Dec. 23 (Bloomberg) -- Romania’s government approved a budget for 2010 to unlock a $30 billion international bailout loan hours after Parliament voted in the administration, ending a stalemate that left the country without leadership since October.
Parliament voted 276-135 yesterday to approve Emil Boc as premier, and 14 other proposed Cabinet members, allowing the new government to give its assent to a budget of spending cuts aimed at repairing relations with the International Monetary Fund.
“The government has the majority it needs to meet IMF criteria,” said Adrian Moraru, a political analyst at the Institute for Public Policies in Bucharest. “It is comfortable enough to ensure passage of the budget and other urgent issues. The majority will also probably increase with time.”

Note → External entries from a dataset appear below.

Theorem mainTheorem1 (C : Cat) (TS : Tangent C) (G : Groupoid C) (E : RBundle G)
    (D : VData TS E) :
  differentiable_bundle TS E ->
  invariant_vf D (tz TS (bE E)) /\
  (forall (v w : hom (bE E) (T TS (bE E))) (h : hom (bE E) (T2 TS (bE E))),
     invariant_vf D v -> invariant_vf D w ->
     t2p1 TS (bE E) ∘ h = v -> t2p2 TS (bE E) ∘ h = w ->
     invariant_vf D (tplus TS (bE E) ∘ h)) /\
  (forall v : hom (bE E) (T TS (bE E)),
     invariant_vf D v -> invariant_vf D (tneg TS (bE E) ∘ v)) /\
  (forall v w u : hom (bE E) (T TS (bE E)),
     invariant_vf D v -> invariant_vf D w -> is_bracket TS (bE E) v w u ->
     invariant_vf D u).
Proof.
  intros [TPB T2PB]%differentiable_bundle_action_pb.
  split; [|split; [|split]].
  - exact (invariant_tz D TPB).
  - intros v w h Hv Hw H1 H2. rewrite (tpair_unique TS v w h H1 H2).
    exact (invariant_tadd D TPB v w Hv Hw).
  - exact (invariant_tneg D TPB).
  - exact (invariant_bracket D TPB T2PB).
Qed.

Romania has been without political leadership since Oct. 13 when Parliament voted out Boc amid increasing political infighting, prompting the IMF and the European Union to halt payments on a $30 billion bailout loan. Standard & Poor’s has warned the vacuum may trigger credit-rating downgrades.
“This will bring things back to normal and we can make the political decisions we need,” Boc said in a speech to Parliament. “In the coming years, we need a return to reason and stability.”

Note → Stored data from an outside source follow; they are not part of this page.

(* Let $X$ be a Banach space and $f_k:X\to\mathbb{R}\cup\{+\infty\}$ $(k\in\mathbb{N}\cup\{0\})$ proper convex functions such that $C:=\operatorname{dom}f_0\cap\{x: f_k(x)\le0\ \forall k\in\mathbb{N}\}\neq\emptyset$. Let $\bar x\in X$ be a solution of problem (P): minimize $f_0(x)$ subject to $f_k(x)\le 0$ $(k\in\mathbb{N})$, and suppose the Slater condition holds: there exists $x\in\operatorname{dom}f_0$ with $\sup_{k\in\mathbb{N}}f_k(x)<0$. Then: (i) There exists a solution $(\lambda_1,\lambda_2,\ldots)\in\ell^1_+$, $\lambda_\infty\in\mathbb{R}_+$ of (D), i.e., $f_0(\bar x)=\inf_{x\in X}\big(f_0(x)+\overline{\sum_{k\in\mathbb{N}}}\lambda_kf_k(x)+\lambda_\infty f_\infty(x)\big)$. Moreover, for any solution of (D), this infimum is attained at $\bar x$, and $\lambda_kf_k(\bar x)=0$ for all $k\in\mathbb{N}\cup\{\infty\}$. (ii) For any $m=0,1,\ldots$, there exists a solution $(\lambda_1,\lambda_2,\ldots)\in\ell^\infty_+$ of (D$_m$), i.e., $f_0(\bar x)=\inf_{x\in X}\big(f_0(x)+\sum_{k=1}^m\lambda_kf_k(x)+\sum_{k=m+1}^{\infty}\lambda_kf_k^+(x)\big)$. Moreover, for any solution of (D$_m$), this infimum is attained at $\bar x$, and $\lambda_kf_k(\bar x)=0$ for $k=1,\ldots,m$.
   Context: Conventions: $0\cdot(+\infty)=+\infty$, $(+\infty)-(+\infty)=+\infty$. $\ell^1_+$, $\ell^\infty_+$: nonnegative sequences in $\ell^1$, $\ell^\infty$. $f_\infty(x):=\limsup_{k\to\infty}f_k(x)$, $f_k^+:=\max\{f_k,0\}$, and $\overline{\sum_{k\in\mathbb{N}}}\lambda_kf_k(x):=\limsup_{n\to\infty}\sum_{k=1}^n\lambda_kf_k(x)$. (D) is the problem $\sup_{\lambda\in\ell^1_+,\lambda_\infty\ge0}\inf_{x\in X}\big(f_0(x)+\overline{\sum_{k\in\mathbb{N}}}\lambda_kf_k(x)+\lambda_\infty f_\infty(x)\big)$; (D$_m$) is $\sup_{\lambda\in\ell^\infty_+}\inf_{x\in X}\big(f_0(x)+\sum_{k=1}^m\lambda_kf_k(x)+\sum_{k=m+1}^\infty\lambda_kf_k^+(x)\big)$ (first sum zero if $m=0$). A solution of a dual problem is a point attaining its supremum; a solution of (P) is a feasible point minimizing $f_0$ over the feasible set. *)

From HB Require Import structures.
From mathcomp Require Import all_boot all_order all_algebra.
From mathcomp Require Import all_classical all_reals all_analysis.
Unset Printing Implicit Defensive.
Import Order.TTheory GRing.Theory Num.Theory.
Import numFieldNormedType.Exports.
Local Open Scope classical_set_scope.
Local Open Scope ring_scope.
Local Open Scope ereal_scope.

(* Indexing convention: the objective is [f0]; the constraint functions
   f_1, f_2, ... of the paper are [f 0], [f 1], ... (so [f k] is f_{k+1});
   multiplier sequences are indexed likewise ([lam k] is lambda_{k+1}). *)

(* product lambda * a with the convention 0 * (+oo) = +oo *)
Definition emulc {R : realType} (l : R) (a : \bar R) : \bar R :=
  if a == +oo then +oo else l%:E * a.

Definition proper_efun {R : realType} {X : Type} (g : X -> \bar R) : Prop :=
  (forall x, g x != -oo) /\ (exists x, g x < +oo).

Definition convex_efun {R : realType} {X : lmodType R} (g : X -> \bar R) : Prop :=
  forall (x y : X) (t : R), (0 < t < 1)%R ->
    g (t *: x + (1 - t) *: y)%R <= t%:E * g x + (1 - t)%:E * g y.

Definition edom {R : realType} {X : Type} (g : X -> \bar R) : set X :=
  [set x | g x < +oo].

Definition feasible {R : realType} {X : Type} (f0 : X -> \bar R)
  (f : nat -> X -> \bar R) : set X :=
  [set x | f0 x < +oo /\ forall k, f k x <= 0].

Definition solutionP {R : realType} {X : Type} (f0 : X -> \bar R)
  (f : nat -> X -> \bar R) (xb : X) : Prop :=
  feasible f0 f xb /\ forall x, feasible f0 f x -> f0 xb <= f0 x.

Definition finf {R : realType} {X : Type} (f : nat -> X -> \bar R) (x : X) : \bar R :=
  limn_esup (fun k => f k x).

Definition l1_plus {R : realType} (lam : nat -> R) : Prop :=
  (forall k, (0 <= lam k)%R) /\ \sum_(0 <= k <oo) (lam k)%:E < +oo.

Definition linf_plus {R : realType} (lam : nat -> R) : Prop :=
  (forall k, (0 <= lam k)%R) /\ exists M : R, forall k, (lam k <= M)%R.

(* Lagrangian of (D); additions use the convention (+oo) + (-oo) = +oo *)
Definition lagD {R : realType} {X : Type} (f0 : X -> \bar R)
  (f : nat -> X -> \bar R) (lam : nat -> R) (li : R) (x : X) : \bar R :=
  dual_adde
    (dual_adde (f0 x) (limn_esup (fun n => \sum_(0 <= k < n) emulc (lam k) (f k x))))
    (emulc li (finf f x)).

Definition dualD {R : realType} {X : Type} (f0 : X -> \bar R)
  (f : nat -> X -> \bar R) (lam : nat -> R) (li : R) : \bar R :=
  ereal_inf (range (lagD f0 f lam li)).

Definition valD {R : realType} {X : Type} (f0 : X -> \bar R)
  (f : nat -> X -> \bar R) : \bar R :=
  ereal_sup [set v | exists lam li, [/\ l1_plus lam, (0 <= li)%R & v = dualD f0 f lam li]].

Definition solutionD {R : realType} {X : Type} (f0 : X -> \bar R)
  (f : nat -> X -> \bar R) (lam : nat -> R) (li : R) : Prop :=
  [/\ l1_plus lam, (0 <= li)%R & dualD f0 f lam li = valD f0 f].

Definition lagDm {R : realType} {X : Type} (m : nat) (f0 : X -> \bar R)
  (f : nat -> X -> \bar R) (lam : nat -> R) (x : X) : \bar R :=
  dual_adde
    (dual_adde (f0 x) (\sum_(0 <= k < m) emulc (lam k) (f k x)))
    (\sum_(m <= k <oo) emulc (lam k) (Order.max (f k x) 0)).

Definition dualDm {R : realType} {X : Type} (m : nat) (f0 : X -> \bar R)
  (f : nat -> X -> \bar R) (lam : nat -> R) : \bar R :=
  ereal_inf (range (lagDm m f0 f lam)).

Definition valDm {R : realType} {X : Type} (m : nat) (f0 : X -> \bar R)
  (f : nat -> X -> \bar R) : \bar R :=
  ereal_sup [set v | exists lam, linf_plus lam /\ v = dualDm m f0 f lam].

Boc predicted in an evening news conference in Bucharest yesterday that inflation will end 2010 at an annual 3.7 percent and the economy will grow 1.3 percent, after shrinking as much as 7 percent this year.
Budget Plan
The IMF said in an e-mail on Dec. 18 that, if Parliament approves a government and passes the budget, the fund’s board may meet in February to discuss resuming loan payments. It also raised Romania’s economic growth outlook for 2010 to 1.3 percent from 0.5 percent.
The 2010 budget plan foresees spending cuts to target a deficit of 5.9 percent of GDP next year, from a target of 7.3 percent this year. Finance Minister Sebastian Vladescu said the budget foresees reducing the 1.3 million-member public service by 100,000 people next year through a hiring freeze and attrition.
The Parliament now needs to approve the 2010 budget by Jan. 16 to release two loan payments the following month totaling 2.3 billion euros ($3.3 billion). That would include a delayed December transfer and advance payment of one slated for March. The EU said it may also release 1 billion euros as part of the delayed package.
Boc said he will maintain the 16 percent flat tax and 19 percent value-added tax next year and direct 20 percent of the budget toward investment. He also said today he will extend a tax exemption on re-invested profit into his new term.
Political Backdrop
Parliament originally ousted Boc in October, leading to the collapse of his Cabinet. Opposition lawmakers then rejected other candidates for premier nominated by President Traian Basescu before Basescu was re-elected in Dec. 6 elections.
Basescu, won the election with 50.3 percent against 49.7 percent for opposition leader Mircea Geoana, a difference of 70,000 votes in the nation of 22 million. Geoana claimed fraud and appealed to the Constitutional Court, which upheld the results more than a week after the election. Basescu then re-nominated Boc, 43.
Romania is the most corrupt nation in the European Union, according to Berlin-based monitor Transparency International. The Balkan state joined the EU in January 2007 along with southern neighbor Bulgaria. More than 20 Cabinet ministers and former ministers have been accused by prosecutors of corruption and the EU in July warned Romania to accelerate steps to fight graft.
The vote backing the government included 167 members of Boc’s Liberal Democratic Party, which is loyal to Basescu, as well as 31 from the Democratic Union of Hungarians in Romania, an ethnic minority party. The rest came from independent lawmakers, other representatives of ethnic minorities, and defectors from the opposition.
‘Traitors’
Geoana, president of the Social Democratic Party, and Crin Antonescu, leader of the opposition National Liberals, said they will remain in opposition. The government has an “unstable” majority based on “traitors,” Geoana said.
“The anti-crisis and economic plans of this government are unclear and that is a principal reason for voting against this government,” Geoana said in a speech before the vote. “What we see he is a recipe for repeating mistakes of government in recent years.”
The leu strengthened as much as 0.7 percent to 4.1915 per euro, the highest intraday level since Sept. 30, in Bucharest after the vote. The currency fell to a seven-month low and bonds plunged after the Oct. 13 government collapse. The BET stock index rose 0.2 percent to 4661.38 after today’s vote.